Find each line below where the word "ltac" occurs, and copy it.

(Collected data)
----

(* Let $0<q<1/2$, $p=1-q$, and for integers $z\ge1$ let $$P(z)=1-\sum_{k=0}^{z-1}\left(p^zq^k-q^zp^k\right)\binom{k+z-1}{k},\qquad P_{SN}(z)=1-\sum_{k=0}^{z-1}e^{-zq/p}\frac{(zq/p)^k}{k!}\left(1-\left(\frac qp\right)^{z-k}\right).$$ Then as $z\to+\infty$, $P_{SN}(z)\prec P(z)$, i.e. $P_{SN}(z)/P(z)\to0$.
   Context: $P(z)$ is the exact probability of success of a double-spend attack after $z$ confirmations, $P_{SN}(z)$ is Nakamoto's approximation. *)

From Stdlib Require Import Reals Factorial.
From Coquelicot Require Import Coquelicot.
Open Scope R_scope.

(* Exact success probability of a double-spend attack after z confirmations:
   P(z) = 1 - sum_{k=0}^{z-1} (p^z q^k - q^z p^k) * C(k+z-1, k). *)
Definition P_exact (q : R) (z : nat) : R :=
  let p := 1 - q in
  1 - sum_f_R0 (fun k => (p ^ z * q ^ k - q ^ z * p ^ k) * Binomial.C (k + z - 1) k)
                (z - 1).

Definition P_SN (q : R) (z : nat) : R :=
  let p := 1 - q in
  let lam := INR z * q / p in
  1 - sum_f_R0 (fun k => exp (- lam) * lam ^ k / INR (Factorial.fact k) * (1 - (q / p) ^ (z - k)))
                (z - 1).

From Stdlib Require Import Reals Lra Lia Factorial.
From Coquelicot Require Import Coquelicot.
Open Scope R_scope.

(** Write [p = 1 - q] and [rho = q / p].  Since the partial sums of the negative
    binomial distribution [p^z C(k+z-1, k) q^k] are at most 1, [P(z)] is at least
    its single term [q^z p^(z-1) C(2z-2, z-1) >= q^z p^(z-1) 4^(z-1) / (2z-1)].
    On the other hand [P_SN(z)] is the average of [min 1 rho^(z-k)] against the
    Poisson weights of mean [rho z]; bounding the minimum by [rho^(z-k)] gives
    [P_SN(z) <= (rho e^(1-rho))^z].  Hence [P_SN(z) / P(z) = O(z c^z)] with
    [c = e^(1-rho) / (4 p^2)], and [c < 1] is the inequality [e^w < 1 / (1 - w)]
    at [w = (1 - 2q) / (2p)]. *)

Lemma C_nonneg (n k : nat) : 0 <= Binomial.C n k.
Proof.
  unfold Binomial.C. apply Rmult_le_pos; [apply pos_INR |].
  apply Rlt_le, Rinv_0_lt_compat, Rmult_lt_0_compat; apply INR_fact_lt_0.
Qed.

Lemma C_central_ge (n : nat) : 4 ^ n <= INR (2 * n + 1) * Binomial.C (2 * n) n.
Proof.
  replace (4 ^ n) with ((1 + 1) ^ (2 * n)) by (rewrite pow_mult; f_equal; ring).
  rewrite binomial, Nat.add_1_r, Rmult_comm, <- sum_cte.
  apply sum_Rle; intros i Hi.
  rewrite !pow1, !Rmult_1_r. now apply C_maj.
Qed.

Definition negbin_sum (x : R) (m n : nat) : R :=
  sum_f_R0 (fun k => Binomial.C (k + m) k * x ^ k) n.

Lemma negbin_sum_succ (x : R) (m n : nat) :
  negbin_sum x (S m) (S n) = negbin_sum x m (S n) + x * negbin_sum x (S m) n.
Proof.
  unfold negbin_sum. rewrite !(decomp_sum _ (S n)) by lia.
  simpl Init.Nat.pred. rewrite !C_n_0, scal_sum, Rplus_assoc, <- plus_sum.
  f_equal. apply sum_eq; intros i _.
  replace (S i + S m)%nat with (S (i + S m)) by lia.
  replace (S i + m)%nat with (i + S m)%nat by lia.
  rewrite <- pascal by lia. simpl. ring.
Qed.

Lemma negbin_sum_le_succ (x : R) (m n : nat) :
  0 <= x -> negbin_sum x m n <= negbin_sum x m (S n).
Proof.
  intros Hx. unfold negbin_sum. rewrite tech5.
  assert (0 <= Binomial.C (S n + m) (S n) * x ^ S n)
    by (apply Rmult_le_pos; [apply C_nonneg | now apply pow_le]).
  lra.
Qed.

(* [(1 - x)^(m+1) C(k+m, k) x^k] is the negative binomial distribution, whose
   partial sums are at most 1. *)
Lemma negbin_sum_mul_pow_le (x : R) (m n : nat) :
  0 <= x < 1 -> (1 - x) ^ S m * negbin_sum x m n <= 1.
Proof.
  intros Hx. revert n. induction m as [| m IHm]; intros n.
  - unfold negbin_sum. rewrite (sum_eq _ (fun k => x ^ k)).
    2:{ intros i _. rewrite Nat.add_0_r, C_n_n. ring. }
    assert (Hgeom := GP_finite x n).
    assert (0 <= x ^ (n + 1)) by (apply pow_le; lra).
    simpl. rewrite Rmult_1_r. nra.
  - assert (Hrec := negbin_sum_succ x m n).
    assert (Hmono := negbin_sum_le_succ x (S m) n ltac:(lra)).
    assert (HS := IHm (S n)).
    assert (0 < (1 - x) ^ S m) by (apply pow_lt; lra).
    replace ((1 - x) ^ S (S m) * negbin_sum x (S m) n)
      with ((1 - x) ^ S m * ((1 - x) * negbin_sum x (S m) n)) by (simpl; ring).
    apply Rle_trans with ((1 - x) ^ S m * negbin_sum x m (S n)); [| exact HS].
    apply Rmult_le_compat_l; nra.
Qed.

Lemma negbin_sum_diag_ge (x : R) (n : nat) :
  0 <= x -> Binomial.C (2 * n) n * x ^ n <= negbin_sum x n n.
Proof.
  intros Hx. unfold negbin_sum. destruct n as [| n]; [simpl; lra |].
  rewrite tech5. replace (S n + S n)%nat with (2 * S n)%nat by lia.
  assert (0 <= sum_f_R0 (fun k => Binomial.C (k + S n) k * x ^ k) n).
  { apply cond_pos_sum; intros k. apply Rmult_le_pos; [apply C_nonneg | now apply pow_le]. }
  lra.
Qed.

Lemma P_exact_succ (q : R) (n : nat) :
  P_exact q (S n) = 1 - (1 - q) ^ S n * negbin_sum q n n + q ^ S n * negbin_sum (1 - q) n n.
Proof.
  unfold P_exact, negbin_sum. replace (S n - 1)%nat with n by lia.
  rewrite (sum_eq _ (fun k => Binomial.C (k + n) k * q ^ k * (1 - q) ^ S n
                              - Binomial.C (k + n) k * (1 - q) ^ k * q ^ S n)).
  - rewrite minus_sum, <- !scal_sum. ring.
  - intros i _. replace (i + S n - 1)%nat with (i + n)%nat by lia. ring.
Qed.

Lemma P_exact_succ_ge (q : R) (n : nat) : 0 < q < 1 ->
  q ^ S n * (1 - q) ^ n * Binomial.C (2 * n) n <= P_exact q (S n).
Proof.
  intros Hq. rewrite P_exact_succ.
  assert (Hneg := negbin_sum_mul_pow_le q n n ltac:(lra)).
  assert (Hdiag := negbin_sum_diag_ge (1 - q) n ltac:(lra)).
  assert (0 < q ^ S n) by (apply pow_lt; lra).
  assert (q ^ S n * (Binomial.C (2 * n) n * (1 - q) ^ n) <= q ^ S n * negbin_sum (1 - q) n n)
    by (apply Rmult_le_compat_l; lra).
  nra.
Qed.

Definition exp_partial (x : R) (n : nat) : R :=
  sum_f_R0 (fun k => x ^ k / INR (fact k)) n.

Lemma exp_partial_nonneg (x : R) (n : nat) : 0 <= x -> 0 <= exp_partial x n.
Proof.
  intros Hx. apply cond_pos_sum; intros k.
  apply Rmult_le_pos; [now apply pow_le |].
  apply Rlt_le, Rinv_0_lt_compat, INR_fact_lt_0.
Qed.

Lemma is_lim_seq_exp_partial (x : R) : is_lim_seq (exp_partial x) (exp x).
Proof.
  apply is_lim_seq_ext with (sum_n (fun k => scal (pow_n x k) (/ INR (fact k)))).
  - intros n. rewrite sum_n_Reals. apply sum_eq; intros k _.
    rewrite pow_n_pow. reflexivity.
  - exact (is_exp_Reals x).
Qed.

Lemma pow_le_pow_of_le_1 (r : R) (m n : nat) : 0 <= r <= 1 -> (m <= n)%nat -> r ^ n <= r ^ m.
Proof.
  intros Hr Hmn. replace n with (m + (n - m))%nat by lia. rewrite pow_add.
  assert (0 <= r ^ m) by (apply pow_le; lra).
  assert (r ^ (n - m) <= 1) by (rewrite <- (pow1 (n - m)); apply pow_incr; lra).
  nra.
Qed.

Lemma exp_partial_tail_scale_le (r x : R) (n k : nat) : 0 <= r <= 1 -> 0 <= x ->
  exp_partial (r * x) (n + k) - exp_partial (r * x) n
  <= r ^ S n * (exp_partial x (n + k) - exp_partial x n).
Proof.
  intros Hr Hx. induction k as [| k IHk].
  - rewrite Nat.add_0_r. lra.
  - rewrite Nat.add_succ_r. unfold exp_partial in *. rewrite !tech5.
    set (m := S (n + k)).
    assert (Hrm : r ^ m <= r ^ S n) by (apply pow_le_pow_of_le_1; [lra | unfold m; lia]).
    assert (0 <= x ^ m / INR (fact m)).
    { apply Rmult_le_pos; [now apply pow_le |].
      apply Rlt_le, Rinv_0_lt_compat, INR_fact_lt_0. }
    assert ((r * x) ^ m / INR (fact m) <= r ^ S n * (x ^ m / INR (fact m))).
    { rewrite Rpow_mult_distr. unfold Rdiv. rewrite Rmult_assoc.
      now apply Rmult_le_compat_r. }
    nra.
Qed.

Lemma exp_tail_scale_le (r x : R) (n : nat) : 0 <= r <= 1 -> 0 <= x ->
  exp (r * x) - exp_partial (r * x) n <= r ^ S n * (exp x - exp_partial x n).
Proof.
  intros Hr Hx.
  assert (Hl : is_lim_seq (fun N => exp_partial (r * x) N - exp_partial (r * x) n)
                          (exp (r * x) - exp_partial (r * x) n)).
  { apply is_lim_seq_minus'; [apply is_lim_seq_exp_partial | apply is_lim_seq_const]. }
  assert (Hr' : is_lim_seq (fun N => r ^ S n * (exp_partial x N - exp_partial x n))
                           (r ^ S n * (exp x - exp_partial x n))).
  { apply (is_lim_seq_scal_l _ _ (exp x - exp_partial x n)), is_lim_seq_minus';
      [apply is_lim_seq_exp_partial | apply is_lim_seq_const]. }
  refine (is_lim_seq_le_loc _ _ _ _ _ Hl Hr').
  exists n. intros N HN. replace N with (n + (N - n))%nat by lia.
  now apply exp_partial_tail_scale_le.
Qed.

Lemma P_SN_succ (q : R) (n : nat) : q < 1 ->
  P_SN q (S n) =
  1 - exp (- (q / (1 - q) * INR (S n))) * exp_partial (q / (1 - q) * INR (S n)) n
    + exp (- (q / (1 - q) * INR (S n))) * (q / (1 - q)) ^ S n * exp_partial (INR (S n)) n.
Proof.
  intros Hq. unfold P_SN, exp_partial.
  set (rho := q / (1 - q)). set (z := INR (S n)).
  replace (z * q / (1 - q)) with (rho * z) by (unfold rho; field; lra).
  replace (S n - 1)%nat with n by lia.
  rewrite (sum_eq _ (fun k => (rho * z) ^ k / INR (fact k) * exp (- (rho * z))
                              - z ^ k / INR (fact k) * (exp (- (rho * z)) * rho ^ S n))).
  - rewrite minus_sum, <- !scal_sum. ring.
  - intros k Hk. rewrite Rpow_mult_distr.
    replace (rho ^ S n) with (rho ^ k * rho ^ (S n - k)) by (rewrite <- pow_add; f_equal; lia).
    field. apply INR_fact_neq_0.
Qed.

Lemma exp_INR_mul (n : nat) (x : R) : exp (INR n * x) = exp x ^ n.
Proof.
  rewrite <- Rpower_pow by apply exp_pos.
  unfold Rpower. rewrite ln_exp. reflexivity.
Qed.

Lemma one_sub_exp_neg_mul_partial (l : R) (n : nat) :
  1 - exp (- l) * exp_partial l n = exp (- l) * (exp l - exp_partial l n).
Proof. rewrite Rmult_minus_distr_l, <- exp_plus, Rplus_opp_l, exp_0. reflexivity. Qed.

Lemma P_SN_succ_nonneg (q : R) (n : nat) : 0 < q < 1 -> 0 <= P_SN q (S n).
Proof.
  intros Hq. rewrite P_SN_succ, one_sub_exp_neg_mul_partial by lra.
  set (rho := q / (1 - q)). set (z := INR (S n)).
  assert (Hrho : 0 <= rho) by (unfold rho; apply Rlt_le, Rdiv_lt_0_compat; lra).
  assert (Hz : 0 <= z) by apply pos_INR.
  assert (Htaylor := exp_ge_taylor (rho * z) n ltac:(nra)).
  fold (exp_partial (rho * z) n) in Htaylor.
  assert (0 < exp (- (rho * z))) by apply exp_pos.
  assert (0 <= rho ^ S n) by now apply pow_le.
  assert (0 <= exp_partial z n) by now apply exp_partial_nonneg.
  apply Rplus_le_le_0_compat.
  - apply Rmult_le_pos; lra.
  - apply Rmult_le_pos; [apply Rmult_le_pos |]; lra.
Qed.

(* Replacing [min 1 rho^(z-k)] by [rho^(z-k)] in the Poisson average. *)
Lemma P_SN_succ_le (q : R) (n : nat) : 0 < q <= 1 / 2 ->
  P_SN q (S n) <= (q / (1 - q) * exp (1 - q / (1 - q))) ^ S n.
Proof.
  intros Hq. rewrite P_SN_succ, one_sub_exp_neg_mul_partial by lra.
  set (rho := q / (1 - q)). set (z := INR (S n)).
  assert (Hrho : 0 <= rho <= 1).
  { unfold rho; split; [apply Rlt_le, Rdiv_lt_0_compat | apply Rcomplements.Rle_div_l]; lra. }
  assert (0 <= z) by apply pos_INR.
  assert (0 < exp (- (rho * z))) by apply exp_pos.
  assert (Htail := exp_tail_scale_le rho z n Hrho ltac:(lra)).
  assert (Hexp : exp (- (rho * z)) * exp z = exp (1 - rho) ^ S n).
  { rewrite <- exp_plus, <- exp_INR_mul. f_equal. unfold z. ring. }
  rewrite Rpow_mult_distr, <- Hexp.
  assert (exp (- (rho * z)) * (exp (rho * z) - exp_partial (rho * z) n)
          <= exp (- (rho * z)) * (rho ^ S n * (exp z - exp_partial z n)))
    by (apply Rmult_le_compat_l; lra).
  nra.
Qed.

Lemma exp_lt_inv_one_sub (w : R) : 0 < w < 1 -> exp w < / (1 - w).
Proof.
  intros Hw. rewrite <- (Rinv_inv (exp w)), <- exp_Ropp.
  apply Rinv_lt_contravar.
  - apply Rmult_lt_0_compat; [lra | apply exp_pos].
  - assert (H := exp_ineq1 (- w) ltac:(lra)). lra.
Qed.

(* With [w = (1 - 2q) / (2(1 - q))] one has [1 - q/(1 - q) = 2w] and [1 - w = 1 / (2(1 - q))]. *)
Lemma exp_one_sub_odds_lt (q : R) : 0 < q < 1 / 2 -> exp (1 - q / (1 - q)) < 4 * (1 - q) ^ 2.
Proof.
  intros Hq. set (w := (1 - 2 * q) / (2 * (1 - q))).
  replace (1 - q / (1 - q)) with (w + w) by (unfold w; field; lra).
  assert (Hw := exp_lt_inv_one_sub w ltac:(unfold w; split;
    [apply Rdiv_lt_0_compat | apply Rcomplements.Rlt_div_l]; lra)).
  replace (/ (1 - w)) with (2 * (1 - q)) in Hw by (unfold w; field; lra).
  assert (0 < exp w) by apply exp_pos.
  rewrite exp_plus. simpl. nra.
Qed.

Lemma is_lim_seq_succ_mul_geom (c : R) : 0 < c < 1 -> is_lim_seq (fun n => INR (S n) * c ^ n) 0.
Proof.
  intros Hc.
  apply is_lim_seq_ext with (fun n => Rabs (INR (S n) * c ^ n)).
  { intros n. apply Rabs_pos_eq, Rmult_le_pos; [apply pos_INR | apply pow_le; lra]. }
  apply ex_series_lim_0, (ex_series_DAlembert _ c); [lra | |].
  - intros n. apply Rgt_not_eq, Rmult_lt_0_compat; [apply lt_0_INR; lia | apply pow_lt; lra].
  - apply is_lim_seq_ext with (fun n => c + c * / INR (S n)).
    + intros n. assert (0 < INR (S n)) by (apply lt_0_INR; lia).
      assert (0 < c ^ n) by (apply pow_lt; lra).
      rewrite Rabs_pos_eq.
      * rewrite (S_INR (S n)). simpl pow. field. lra.
      * apply Rlt_le, Rdiv_lt_0_compat; apply Rmult_lt_0_compat;
          (apply lt_0_INR; lia) || (apply pow_lt; lra).
    + replace c with (c + c * 0) at 1 by ring.
      apply is_lim_seq_plus'; [apply is_lim_seq_const |].
      apply (is_lim_seq_scal_l _ c 0), is_lim_seq_incr_1 with (u := fun n => / INR n).
      replace (Finite 0) with (Rbar_inv p_infty) by reflexivity.
      apply is_lim_seq_inv; [apply is_lim_seq_INR | discriminate].
Qed.

Lemma P_SN_div_P_exact_succ_bounds (q : R) (n : nat) : 0 < q < 1 / 2 ->
  let E := exp (1 - q / (1 - q)) in
  0 <= P_SN q (S n) / P_exact q (S n)
  <= E / (1 - q) * (INR (2 * n + 1) * (E / (4 * (1 - q) ^ 2)) ^ n).
Proof.
  intros Hq E.
  set (L := q ^ S n * (1 - q) ^ n * (4 ^ n / INR (2 * n + 1))).
  assert (Hodd : 0 < INR (2 * n + 1)) by (apply lt_0_INR; lia).
  assert (HL : 0 < L).
  { apply Rmult_lt_0_compat; [apply Rmult_lt_0_compat; apply pow_lt; lra |].
    apply Rdiv_lt_0_compat; [apply pow_lt |]; lra. }
  assert (HLP : L <= P_exact q (S n)).
  { apply Rle_trans with (q ^ S n * (1 - q) ^ n * Binomial.C (2 * n) n);
      [| apply P_exact_succ_ge; lra].
    apply Rmult_le_compat_l; [apply Rmult_le_pos; apply pow_le; lra |].
    apply Rcomplements.Rle_div_l; [lra |].
    rewrite Rmult_comm. apply C_central_ge. }
  assert (HS0 := P_SN_succ_nonneg q n ltac:(lra)).
  assert (HS := P_SN_succ_le q n ltac:(lra)). fold E in HS.
  split; [apply Rle_mult_inv_pos; lra |].
  apply Rle_trans with ((q / (1 - q) * E) ^ S n / L).
  - unfold Rdiv. apply Rmult_le_compat; try lra.
    + apply Rlt_le, Rinv_0_lt_compat; lra.
    + apply Rinv_le_contravar; lra.
  - apply Req_le. unfold L.
    assert (0 < q ^ n) by (apply pow_lt; lra).
    assert (0 < (1 - q) ^ n) by (apply pow_lt; lra).
    assert (0 < 4 ^ n) by (apply pow_lt; lra).
    unfold Rdiv. rewrite !Rpow_mult_distr, !pow_inv, !Rpow_mult_distr, <- pow_mult.
    simpl pow. rewrite Nat.add_0_r, pow_add.
    field. repeat split; lra.
Qed.

Theorem mainTheorem10 (q : R) (hq0 : 0 < q) (hq1 : q < 1 / 2) :
  is_lim_seq (fun z : nat => P_SN q z / P_exact q z) 0.
Proof.
  set (E := exp (1 - q / (1 - q))).
  set (c := E / (4 * (1 - q) ^ 2)).
  assert (Hc : 0 < c < 1).
  { assert (HE := exp_one_sub_odds_lt q ltac:(lra)). fold E in HE.
    assert (0 < E) by apply exp_pos.
    assert (0 < 4 * (1 - q) ^ 2) by (simpl; nra).
    unfold c. split; [now apply Rdiv_lt_0_compat | apply Rcomplements.Rlt_div_l; lra]. }
  assert (Hlim : is_lim_seq (fun n => E / (1 - q) * (INR (2 * n + 1) * c ^ n)) 0).
  { replace (Finite 0) with (Rbar_mult (E / (1 - q)) (2 * 0 - 0)) by (simpl; f_equal; ring).
    apply is_lim_seq_scal_l.
    apply is_lim_seq_ext with (fun n => 2 * (INR (S n) * c ^ n) - c ^ n).
    { intros n. rewrite plus_INR, mult_INR, S_INR. simpl. ring. }
    apply is_lim_seq_minus'.
    - apply (is_lim_seq_scal_l _ 2 0), is_lim_seq_succ_mul_geom, Hc.
    - apply is_lim_seq_geom. rewrite Rabs_pos_eq; lra. }
  apply is_lim_seq_incr_1.
  refine (is_lim_seq_le_le (fun _ => 0) _ _ 0 _ (is_lim_seq_const 0) Hlim).
  intros n. now apply P_SN_div_P_exact_succ_bounds.
Qed.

----

**SOLVED PROBLEM**:
    assert (Hmono := negbin_sum_le_succ x (S m) n ltac:(lra)).
  assert (Hneg := negbin_sum_mul_pow_le q n n ltac:(lra)).
  assert (Hdiag := negbin_sum_diag_ge (1 - q) n ltac:(lra)).
  assert (Htaylor := exp_ge_taylor (rho * z) n ltac:(nra)).
  assert (Htail := exp_tail_scale_le rho z n Hrho ltac:(lra)).
  - assert (H := exp_ineq1 (- w) ltac:(lra)). lra.
  assert (Hw := exp_lt_inv_one_sub w ltac:(unfold w; split;
  assert (HS0 := P_SN_succ_nonneg q n ltac:(lra)).
  assert (HS := P_SN_succ_le q n ltac:(lra)). fold E in HS.
  { assert (HE := exp_one_sub_odds_lt q ltac:(lra)). fold E in HE.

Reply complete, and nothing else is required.